Melany Velasco/THUNDERWORD
Festival goers had fun dressing as aliens.
“Aliens don’t exist in the way we’ve seen them represented. They come from the ocean, from the abyss,” said one individual outfitted in steampunk aviator goggles, exiting the beer garden.
Upon polling the majority of festival goers, the consensus on whether aliens exist was an overwhelming yes.
“It would be pretty ignorant to believe we are the only life forms out there,” said one vendor.
While almost every attendee was eager to show their support for aliens’ existence there were a couple skeptics among the crowd.
“Aliens are something you believed in as a kid, there’s a scientific reason for everything,” said one festival observer. “I think it would be really cool if aliens did exist, but they just don’t.”

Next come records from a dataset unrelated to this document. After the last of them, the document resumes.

(* Assume the setting described in the context, assume $(L-1)\mathfrak m\neq0$, let $\xi=(\xi_1,\dots,\xi_{\ell_L})\in\mathbb R^{\ell_L}$ satisfy $\xi_1=\mathfrak m^{-1}\int_{[a,b]^{\ell_0}}f_1(x)\,\mu(dx)$, for $i,j\in\mathbb N_0$, $k\in\mathbb N$ let $\alpha_{i,j,k}=i\ell_{k-1}+j+\sum_{h=1}^{k-1}\ell_h(\ell_{h-1}+1)$, and let $\theta=(\theta_1,\dots,\theta_{\mathfrak d})$, $\vartheta=(\vartheta_1,\dots,\vartheta_{\mathfrak d})\in\mathbb R^{\mathfrak d}$ satisfy for all $i\in\{1,\dots,\ell_L\}$ and all $j\in\{1,\dots,\mathfrak d\}\setminus\big(\bigcup_{k=1}^{\ell_L}\{\alpha_{\ell_{L-1},1,L-1},\alpha_{0,1,L},\alpha_{\ell_L,k,L}\}\big)$ that $\theta_{\alpha_{\ell_{L-1},1,L-1}}=\vartheta_{\alpha_{0,1,L}}=1$, $\theta_{\alpha_{\ell_L,i,L}}=\vartheta_{\alpha_{\ell_L,i,L}}=\xi_i$, and $\theta_{\alpha_{0,1,L}}=\vartheta_{\alpha_{\ell_{L-1},1,L-1}}=\theta_j=\vartheta_j=0$. Then $$\mathcal L_\infty\Big(\frac{\theta+\vartheta}2\Big)=\Big[\frac{\mathcal L_\infty(\theta)+\mathcal L_\infty(\vartheta)}2\Big]+\frac{\mathfrak m}{16}>\frac{\mathcal L_\infty(\theta)+\mathcal L_\infty(\vartheta)}2.$$
   Context: Setting. Let $L,\mathfrak d\in\mathbb N=\{1,2,\dots\}$, $(\ell_k)_{k\in\mathbb N_0}\subseteq\mathbb N$, $a\in\mathbb R$, $b\in(a,\infty)$ with $\mathfrak d=\sum_{k=1}^L\ell_k(\ell_{k-1}+1)$; let $\mathbf d_k=\sum_{h=1}^k\ell_h(\ell_{h-1}+1)$ for $k\in\mathbb N_0$. For $\theta=(\theta_1,\dots,\theta_{\mathfrak d})\in\mathbb R^{\mathfrak d}$, $k\in\{1,\dots,L\}$, $i\in\{1,\dots,\ell_k\}$, $j\in\{1,\dots,\ell_{k-1}\}$ let $\mathfrak w^{k,\theta}_{i,j}=\theta_{(i-1)\ell_{k-1}+j+\mathbf d_{k-1}}$ and $\mathfrak b^{k,\theta}_i=\theta_{\ell_k\ell_{k-1}+i+\mathbf d_{k-1}}$, let $\mathfrak w^{k,\theta}=(\mathfrak w^{k,\theta}_{i,j})_{i,j}\in\mathbb R^{\ell_k\times\ell_{k-1}}$, $\mathfrak b^{k,\theta}=(\mathfrak b^{k,\theta}_1,\dots,\mathfrak b^{k,\theta}_{\ell_k})\in\mathbb R^{\ell_k}$, and $\mathcal A^\theta_k(x)=\mathfrak b^{k,\theta}+\mathfrak w^{k,\theta}x$. Let $\mathfrak M_\infty(x_1,\dots,x_n)=(\max\{x_1,0\},\dots,\max\{x_n,0\})$ and $\|\cdot\|$ the Euclidean norm. Define $\mathcal N^{k,\theta}_\infty\colon\mathbb R^{\ell_0}\to\mathbb R^{\ell_k}$, $k\in\{1,\dots,L\}$, by $\mathcal N^{1,\theta}_\infty=\mathcal A^\theta_1$ and $\mathcal N^{k+1,\theta}_\infty(x)=\mathcal A^\theta_{k+1}(\mathfrak M_\infty(\mathcal N^{k,\theta}_\infty(x)))$. Let $\mu$ be a measure on the Borel $\sigma$-algebra of $[a,b]^{\ell_0}$ with $\mathfrak m=\mu([a,b]^{\ell_0})\in\mathbb R$, let $f=(f_1,\dots,f_{\ell_L})\colon[a,b]^{\ell_0}\to\mathbb R^{\ell_L}$ be measurable, and let $\mathcal L_\infty\colon\mathbb R^{\mathfrak d}\to\mathbb R$, $\mathcal L_\infty(\theta)=\int_{[a,b]^{\ell_0}}\|\mathcal N^{L,\theta}_\infty(x)-f(x)\|^2\,\mu(dx)$ (these integrals are real numbers as part of the setting). *)

From HB Require Import structures.
From mathcomp Require Import all_boot all_order all_algebra.
From mathcomp Require Import all_classical all_reals all_analysis.
Set Implicit Arguments. Unset Strict Implicit. Unset Printing Implicit Defensive.
Import Order.TTheory GRing.Theory Num.Theory.
Import numFieldNormedType.Exports.
Local Open Scope ring_scope.
Local Open Scope classical_set_scope.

Melany Velasco/THUNDERWORD
Bill Beaty talks about a rock that he says was brought to Washington state by aliens.
Bill Beaty of Weird Science disagreed as he presented alien debris that he said originated in British Columbia.
Crowd members were also invited to share their own personal experiences with alien interactions of UFO sightings. Several did, including one man who cited the military’s Unidentified Aerial Phenomenon division, a Pentagon operation that is publicly known and investigates unidentifiable aircrafts spotted in our skies.
The Burien UFO festival closed with a showing of The Maury Island Incident, a film that ties ufology to the Pacific NorthWest, as it displays the 1947 sighting of UFOs over Washington’s Maury Island.
The crowd dispersed as the festival ended, with their eyes trained on the night sky.